I assume by your print command you are using Python2. However the strange behavior cannot be replicated with Python3, where Pipe is actually faster than Queue .

import sys
import time
from multiprocessing import Process, Pipe, Queue
import numpy as np

NUM = 20000


def worker_pipe(conn):
    for task_nbr in range(NUM):
        conn.send(np.random.rand(40, 40, 3))
    sys.exit(1)


def main_pipe():
    parent_conn, child_conn = Pipe(duplex=False)
    Process(target=worker_pipe, args=(child_conn,)).start()
    for num in range(NUM):
        message = parent_conn.recv()


def pipe_test():
    start_time = time.time()
    main_pipe()
    end_time = time.time()
    duration = end_time - start_time
    msg_per_sec = NUM / duration
    print("Pipe")
    print("Duration: " + str(duration))
    print("Messages Per Second: " + str(msg_per_sec))

def worker_queue(q):
    for task_nbr in range(NUM):
        q.put(np.random.rand(40, 40, 3))
    sys.exit(1)

def main_queue():
    recv_q = Queue()
    Process(target=worker_queue, args=(recv_q,)).start()
    for num in range(NUM):
        message = recv_q.get()

def queue_test():
    start_time = time.time()
    main_queue()
    end_time = time.time()
    duration = end_time - start_time
    msg_per_sec = NUM / duration
    print("Queue")
    print("Duration: " + str(duration))
    print("Messages Per Second: " + str(msg_per_sec))

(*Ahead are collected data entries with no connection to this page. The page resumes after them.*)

Lemma card_min_sep_hull_lt g x :
  min_sep (min_sep_hull g :\ g) -> g \in min_sep_hull g ->
  x \in min_sep_hull g -> x != g -> #|min_sep_hull x| < #|min_sep_hull g|.
Proof.
move=> sHg gH xH xg.
have sub : min_sep_hull x \subset min_sep_hull g :\ g.
  by apply: bigcap_inf; rewrite sHg !inE xg xH.
by have := subset_leq_card sub; have := cardsD1 g (min_sep_hull g); rewrite gH; lia.
Qed.

End MinSepLattice.

Section PrefixUnion.
Variables (U : finType) (t : nat) (f : 'I_t -> U) (D : U -> {set U}).
Hypotheses (mem_D : forall i, f i \in D (f i))
           (D_prec : forall i j, f j \in D (f i) -> j != i -> j < i).

Definition prefix_cup (i : 'I_t) : {set U} := \bigcup_(j : 'I_t | j <= i) D (f j).

Lemma prefix_cup_mono (i j : 'I_t) : i <= j -> prefix_cup i \subset prefix_cup j.
Proof.
by move=> le_ij; apply/bigcupsP => m le_mi; apply: bigcup_sup; apply: leq_trans le_ij.
Qed.

Lemma prefix_cupE (i : 'I_t) :
  prefix_cup i = D (f i) :|: \bigcup_(j : 'I_t | j < i) D (f j).
Proof.
rewrite /prefix_cup (bigD1 i) //=; congr (_ :|: _).
by apply: eq_bigl => j; rewrite ltn_neqAle andbC.
Qed.

Lemma prefix_cupD1 (i : 'I_t) :
  prefix_cup i :\ f i = (D (f i) :\ f i) :|: \bigcup_(j : 'I_t | j < i) D (f j).
Proof.
have fi_notin : f i \notin \bigcup_(j : 'I_t | j < i) D (f j).
  apply/bigcupP => -[j lt_ji /D_prec lt_ij].
  have ne_ij : i != j by apply: contraTneq lt_ji => ->; rewrite ltnn.
  by have := lt_ij ne_ij; rewrite ltnNge ltnW.
rewrite prefix_cupE setDUl; congr (_ :|: _).
by apply/setDidPl; rewrite disjoint_sym disjoints1.
Qed.

Lemma prefix_cup_image (i : 'I_t) :
  prefix_cup i :&: [set f j | j in 'I_t] = [set f j | j in 'I_t & j <= i].
Proof.
apply/setP => x; apply/setIP/imsetP => [[xP /imsetP[j _ ejx]] | [j le_ji ->]].
  move: xP; rewrite ejx => /bigcupP[m le_mi fjD].
  exists j => //; rewrite inE /=.
  case: (eqVneq j m) => [-> // | ne_jm]; exact: leq_trans (ltnW (D_prec fjD ne_jm)) le_mi.
split; last exact: imset_f.
by apply/bigcupP; exists j; rewrite // inE in le_ji.
Qed.

End PrefixUnion.

Lemma exists_enum_sorted (T : finType) (F : {set T}) (w : T -> nat) :
  exists f : 'I_#|F| -> T,
    [/\ injective f, [set f i | i in 'I_#|F|] = F &
        forall i j, w (f i) < w (f j) -> i < j].
Proof.
pose s := Tuple (sort_tupleP (relpre w leq) (enum_tuple F)).
have mem_s x : (x \in s) = (x \in F) by rewrite mem_sort mem_enum.
have sorted_s : sorted (relpre w leq) s.
  by apply: sort_sorted => x y; apply: leq_total.
have le_w_trans : transitive (relpre w leq) by move=> y x z; apply: leq_trans.
exists (tnth s); split.
- by apply/tuple_uniqP; rewrite sort_uniq enum_uniq.
- apply/setP=> x; rewrite -mem_s; apply/imsetP/tnthP => [[i _ ->]|[i ->]];
    by exists i.
- move=> i j; apply: contraTT; rewrite -!leqNgt => le_ji.
  have x0 : T := tnth s i.
  rewrite !(tnth_nth x0).
  apply: (sorted_leq_nth le_w_trans) => //; first by move=> x /=.
  all: by rewrite inE size_tuple.
Qed.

if __name__ == "__main__":
    for i in range(2):
        queue_test()
        pipe_test()

Results in:

Queue
Duration: 3.44321894646
Messages Per Second: 5808.51822408
Pipe
Duration: 2.69065594673
Messages Per Second: 7433.13169575
Queue
Duration: 3.45295906067
Messages Per Second: 5792.13354361
Pipe
Duration: 2.78426194191
Messages Per Second: 7183.23218766


------------------
(program exited with code: 0)
Press return to continue

On my system Pipe(duplex=False) is slower (twice the time, or half the rate) than Pipe(duplex=True) . For anyone looking for performance here is a side-by-side comparison:

from time import time
from multiprocessing import Process, Queue, Pipe

n = 1000
buffer = b'\0' * (1000*1000) # 1 megabyte

def print_elapsed(name, start):
    elapsed = time() - start
    spi = elapsed / n
    ips = n / elapsed
    print(f'{name}: {spi*1000:.3f} ms/item, {ips:.0f} item/sec')

def producer(q):
    start = time()
    for i in range(n):
        q.put(buffer)
    print_elapsed('producer', start)

def consumer(q):
    start = time()
    for i in range(n):
        out = q.get()
    print_elapsed('consumer', start)

class PipeQueue():
    def __init__(self, **kwargs):
        self.out_pipe, self.in_pipe = Pipe(**kwargs)
    def put(self, item):
        self.in_pipe.send_bytes(item)
    def get(self):
        return self.out_pipe.recv_bytes()
    def close(self):
        self.out_pipe.close()
        self.in_pipe.close()

print('duplex=True')
q = PipeQueue(duplex=True)
producer_process = Process(target=producer, args=(q,))
consumer_process = Process(target=consumer, args=(q,))
consumer_process.start()
producer_process.start()
consumer_process.join()
producer_process.join()
q.close()

print('duplex=False')
q = PipeQueue(duplex=False)
producer_process = Process(target=producer, args=(q,))
consumer_process = Process(target=consumer, args=(q,))
consumer_process.start()
producer_process.start()
consumer_process.join()
producer_process.join()
q.close()

Results:

duplex=True
consumer: 0.301 ms/item, 3317 item/sec
producer: 0.298 ms/item, 3358 item/sec
duplex=False
consumer: 0.673 ms/item, 1486 item/sec
producer: 0.669 ms/item, 1494 item/sec

I think this must come down to CPython using os.pipe vs socket.socketpair , but I'm not sure.